* _Stored dataset items_:
((

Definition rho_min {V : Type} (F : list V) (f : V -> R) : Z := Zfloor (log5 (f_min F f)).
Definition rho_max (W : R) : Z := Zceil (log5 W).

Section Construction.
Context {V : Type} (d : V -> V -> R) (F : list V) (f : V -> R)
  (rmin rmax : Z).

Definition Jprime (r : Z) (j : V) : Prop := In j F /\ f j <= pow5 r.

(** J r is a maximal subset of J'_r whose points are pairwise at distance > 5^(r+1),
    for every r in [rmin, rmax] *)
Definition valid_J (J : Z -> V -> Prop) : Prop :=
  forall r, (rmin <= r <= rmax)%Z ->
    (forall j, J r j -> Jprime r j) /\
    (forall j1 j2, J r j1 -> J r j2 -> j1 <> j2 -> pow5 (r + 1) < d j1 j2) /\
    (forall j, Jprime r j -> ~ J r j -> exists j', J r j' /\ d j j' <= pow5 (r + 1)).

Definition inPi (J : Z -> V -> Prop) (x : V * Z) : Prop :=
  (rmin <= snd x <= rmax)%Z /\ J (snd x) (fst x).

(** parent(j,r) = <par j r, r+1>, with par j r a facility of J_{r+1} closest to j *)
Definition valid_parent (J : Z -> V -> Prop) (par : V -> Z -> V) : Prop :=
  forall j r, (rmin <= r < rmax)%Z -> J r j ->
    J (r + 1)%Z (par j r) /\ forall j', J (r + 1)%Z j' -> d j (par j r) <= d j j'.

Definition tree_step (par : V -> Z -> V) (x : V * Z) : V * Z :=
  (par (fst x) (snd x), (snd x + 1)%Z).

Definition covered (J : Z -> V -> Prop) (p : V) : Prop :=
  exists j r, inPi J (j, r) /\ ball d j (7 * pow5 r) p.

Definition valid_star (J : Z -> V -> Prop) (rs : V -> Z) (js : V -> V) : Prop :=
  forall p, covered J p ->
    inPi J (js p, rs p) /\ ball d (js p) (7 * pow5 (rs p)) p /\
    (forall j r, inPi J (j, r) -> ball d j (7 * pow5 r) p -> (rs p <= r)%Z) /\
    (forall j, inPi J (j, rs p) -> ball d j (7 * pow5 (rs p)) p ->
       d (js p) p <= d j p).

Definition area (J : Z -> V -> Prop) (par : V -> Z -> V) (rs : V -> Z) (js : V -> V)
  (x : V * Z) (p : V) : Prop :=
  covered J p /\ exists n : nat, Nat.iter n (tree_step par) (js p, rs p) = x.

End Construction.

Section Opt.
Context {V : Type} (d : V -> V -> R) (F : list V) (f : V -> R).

))
((

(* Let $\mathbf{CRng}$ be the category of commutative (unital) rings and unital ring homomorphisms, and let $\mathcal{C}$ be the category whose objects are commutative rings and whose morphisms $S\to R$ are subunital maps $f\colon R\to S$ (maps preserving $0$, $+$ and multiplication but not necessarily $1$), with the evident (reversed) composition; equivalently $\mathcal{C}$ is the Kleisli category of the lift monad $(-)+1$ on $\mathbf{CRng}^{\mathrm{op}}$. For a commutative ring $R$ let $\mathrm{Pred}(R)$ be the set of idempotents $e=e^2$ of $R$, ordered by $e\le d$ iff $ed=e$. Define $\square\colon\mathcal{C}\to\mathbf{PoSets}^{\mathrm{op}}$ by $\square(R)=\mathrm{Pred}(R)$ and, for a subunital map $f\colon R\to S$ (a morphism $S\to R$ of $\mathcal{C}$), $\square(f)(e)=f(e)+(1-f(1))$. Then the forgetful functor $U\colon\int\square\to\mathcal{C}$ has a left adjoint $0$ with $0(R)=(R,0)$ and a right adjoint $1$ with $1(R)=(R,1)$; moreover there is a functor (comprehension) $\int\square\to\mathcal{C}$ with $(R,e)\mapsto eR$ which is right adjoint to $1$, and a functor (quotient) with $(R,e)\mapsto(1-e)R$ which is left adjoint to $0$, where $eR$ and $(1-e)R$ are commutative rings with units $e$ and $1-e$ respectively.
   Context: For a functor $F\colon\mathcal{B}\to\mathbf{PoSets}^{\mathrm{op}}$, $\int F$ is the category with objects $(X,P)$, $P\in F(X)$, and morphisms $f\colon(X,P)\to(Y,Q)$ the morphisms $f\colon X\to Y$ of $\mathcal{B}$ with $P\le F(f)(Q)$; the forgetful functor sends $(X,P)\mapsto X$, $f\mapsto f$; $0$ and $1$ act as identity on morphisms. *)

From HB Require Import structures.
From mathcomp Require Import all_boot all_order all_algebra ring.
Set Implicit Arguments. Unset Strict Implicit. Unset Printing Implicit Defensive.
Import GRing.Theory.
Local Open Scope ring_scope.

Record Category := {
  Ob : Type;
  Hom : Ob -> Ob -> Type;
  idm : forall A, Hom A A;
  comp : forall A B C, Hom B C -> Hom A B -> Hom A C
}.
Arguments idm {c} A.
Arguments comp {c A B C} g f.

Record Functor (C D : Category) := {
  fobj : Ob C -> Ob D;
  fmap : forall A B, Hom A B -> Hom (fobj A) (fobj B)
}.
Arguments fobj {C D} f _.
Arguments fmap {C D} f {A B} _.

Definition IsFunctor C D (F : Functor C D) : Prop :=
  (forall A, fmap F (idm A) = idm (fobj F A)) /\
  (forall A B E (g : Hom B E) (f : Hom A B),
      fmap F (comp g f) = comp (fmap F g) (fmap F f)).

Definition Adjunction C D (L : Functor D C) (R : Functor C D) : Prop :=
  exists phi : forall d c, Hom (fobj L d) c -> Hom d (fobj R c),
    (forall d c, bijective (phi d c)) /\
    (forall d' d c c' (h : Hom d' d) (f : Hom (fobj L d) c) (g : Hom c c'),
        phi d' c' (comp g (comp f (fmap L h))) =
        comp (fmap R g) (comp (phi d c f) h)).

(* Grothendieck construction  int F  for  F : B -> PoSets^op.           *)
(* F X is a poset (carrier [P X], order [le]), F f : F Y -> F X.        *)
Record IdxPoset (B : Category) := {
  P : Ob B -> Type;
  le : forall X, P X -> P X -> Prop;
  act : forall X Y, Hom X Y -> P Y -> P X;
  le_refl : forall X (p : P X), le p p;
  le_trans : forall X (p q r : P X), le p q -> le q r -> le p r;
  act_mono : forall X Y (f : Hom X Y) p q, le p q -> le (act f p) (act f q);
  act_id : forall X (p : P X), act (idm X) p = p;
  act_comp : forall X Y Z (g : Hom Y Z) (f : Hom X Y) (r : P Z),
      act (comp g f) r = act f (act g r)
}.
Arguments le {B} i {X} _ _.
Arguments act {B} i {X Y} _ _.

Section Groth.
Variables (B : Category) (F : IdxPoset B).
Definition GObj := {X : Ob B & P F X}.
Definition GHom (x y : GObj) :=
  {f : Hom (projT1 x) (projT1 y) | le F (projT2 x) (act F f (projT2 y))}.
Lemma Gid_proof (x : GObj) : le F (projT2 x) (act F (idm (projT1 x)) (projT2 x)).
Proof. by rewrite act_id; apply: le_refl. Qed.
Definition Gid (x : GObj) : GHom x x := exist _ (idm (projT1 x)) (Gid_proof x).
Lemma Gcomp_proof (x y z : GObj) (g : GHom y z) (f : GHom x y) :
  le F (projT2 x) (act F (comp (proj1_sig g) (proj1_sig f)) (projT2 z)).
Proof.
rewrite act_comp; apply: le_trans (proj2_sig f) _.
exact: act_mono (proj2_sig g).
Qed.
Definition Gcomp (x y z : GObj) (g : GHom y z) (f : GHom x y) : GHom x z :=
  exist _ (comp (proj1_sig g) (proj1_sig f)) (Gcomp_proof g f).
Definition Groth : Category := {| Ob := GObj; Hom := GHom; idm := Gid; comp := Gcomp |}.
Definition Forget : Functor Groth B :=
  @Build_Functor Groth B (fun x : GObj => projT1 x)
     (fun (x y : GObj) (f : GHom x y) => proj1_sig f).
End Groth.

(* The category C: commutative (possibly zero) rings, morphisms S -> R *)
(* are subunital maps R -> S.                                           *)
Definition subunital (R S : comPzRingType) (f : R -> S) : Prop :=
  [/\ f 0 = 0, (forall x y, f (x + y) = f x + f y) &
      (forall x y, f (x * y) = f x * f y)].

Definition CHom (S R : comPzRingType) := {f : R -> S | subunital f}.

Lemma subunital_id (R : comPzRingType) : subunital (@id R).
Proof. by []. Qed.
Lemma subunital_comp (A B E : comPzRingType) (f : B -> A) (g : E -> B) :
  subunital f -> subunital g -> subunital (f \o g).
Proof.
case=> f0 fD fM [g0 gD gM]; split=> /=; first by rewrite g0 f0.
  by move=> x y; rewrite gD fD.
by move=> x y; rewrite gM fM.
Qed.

))
((

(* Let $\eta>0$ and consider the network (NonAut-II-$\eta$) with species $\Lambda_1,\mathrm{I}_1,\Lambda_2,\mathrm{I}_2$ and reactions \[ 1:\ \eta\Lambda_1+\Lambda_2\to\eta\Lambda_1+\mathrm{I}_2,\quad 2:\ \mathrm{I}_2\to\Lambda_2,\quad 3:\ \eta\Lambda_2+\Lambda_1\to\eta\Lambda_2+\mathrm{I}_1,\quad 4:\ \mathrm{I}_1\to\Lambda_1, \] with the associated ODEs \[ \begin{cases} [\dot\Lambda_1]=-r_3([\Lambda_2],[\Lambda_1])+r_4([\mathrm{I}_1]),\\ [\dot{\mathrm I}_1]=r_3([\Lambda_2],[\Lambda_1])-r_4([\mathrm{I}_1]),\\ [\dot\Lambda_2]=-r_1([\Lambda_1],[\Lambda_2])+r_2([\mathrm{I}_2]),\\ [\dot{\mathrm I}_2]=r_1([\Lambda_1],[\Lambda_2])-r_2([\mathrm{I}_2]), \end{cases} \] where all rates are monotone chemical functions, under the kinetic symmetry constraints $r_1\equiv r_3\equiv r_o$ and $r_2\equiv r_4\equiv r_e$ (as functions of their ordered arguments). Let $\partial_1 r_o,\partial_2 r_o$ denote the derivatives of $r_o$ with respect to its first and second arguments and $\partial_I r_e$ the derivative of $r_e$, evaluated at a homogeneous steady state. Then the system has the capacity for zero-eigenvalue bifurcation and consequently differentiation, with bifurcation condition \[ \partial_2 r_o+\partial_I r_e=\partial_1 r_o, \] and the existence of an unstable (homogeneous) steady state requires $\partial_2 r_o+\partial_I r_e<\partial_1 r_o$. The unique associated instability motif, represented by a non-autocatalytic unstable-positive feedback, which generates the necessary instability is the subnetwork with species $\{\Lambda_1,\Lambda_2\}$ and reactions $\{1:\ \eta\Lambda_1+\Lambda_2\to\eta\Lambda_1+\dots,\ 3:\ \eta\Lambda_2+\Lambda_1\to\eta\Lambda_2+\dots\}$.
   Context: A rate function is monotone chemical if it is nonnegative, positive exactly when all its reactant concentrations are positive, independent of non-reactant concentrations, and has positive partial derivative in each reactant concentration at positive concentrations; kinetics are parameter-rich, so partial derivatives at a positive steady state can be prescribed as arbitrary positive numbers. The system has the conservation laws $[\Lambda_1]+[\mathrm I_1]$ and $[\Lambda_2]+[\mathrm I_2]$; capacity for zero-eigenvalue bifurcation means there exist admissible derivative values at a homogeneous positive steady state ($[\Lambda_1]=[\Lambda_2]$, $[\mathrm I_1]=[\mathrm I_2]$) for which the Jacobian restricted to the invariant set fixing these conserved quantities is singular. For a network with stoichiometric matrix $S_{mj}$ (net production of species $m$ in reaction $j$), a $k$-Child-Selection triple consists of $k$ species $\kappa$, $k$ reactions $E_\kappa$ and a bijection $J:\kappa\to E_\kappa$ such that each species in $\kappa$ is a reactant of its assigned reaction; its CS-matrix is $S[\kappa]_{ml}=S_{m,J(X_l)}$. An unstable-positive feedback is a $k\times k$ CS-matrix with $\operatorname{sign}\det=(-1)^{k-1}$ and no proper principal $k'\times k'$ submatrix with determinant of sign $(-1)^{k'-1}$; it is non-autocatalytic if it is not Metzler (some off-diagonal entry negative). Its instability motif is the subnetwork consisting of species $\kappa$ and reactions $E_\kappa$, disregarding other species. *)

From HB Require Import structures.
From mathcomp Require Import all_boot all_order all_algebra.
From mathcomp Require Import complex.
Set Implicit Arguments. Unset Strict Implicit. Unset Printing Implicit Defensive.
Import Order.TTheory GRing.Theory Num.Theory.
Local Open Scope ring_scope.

))

* _Your goal_: Go through the entries and copy every line that has "covered".

* _Result_:
Definition covered (J : Z -> V -> Prop) (p : V) : Prop :=
  forall p, covered J p ->
  covered J p /\ exists n : nat, Nat.iter n (tree_step par) (js p, rs p) = x.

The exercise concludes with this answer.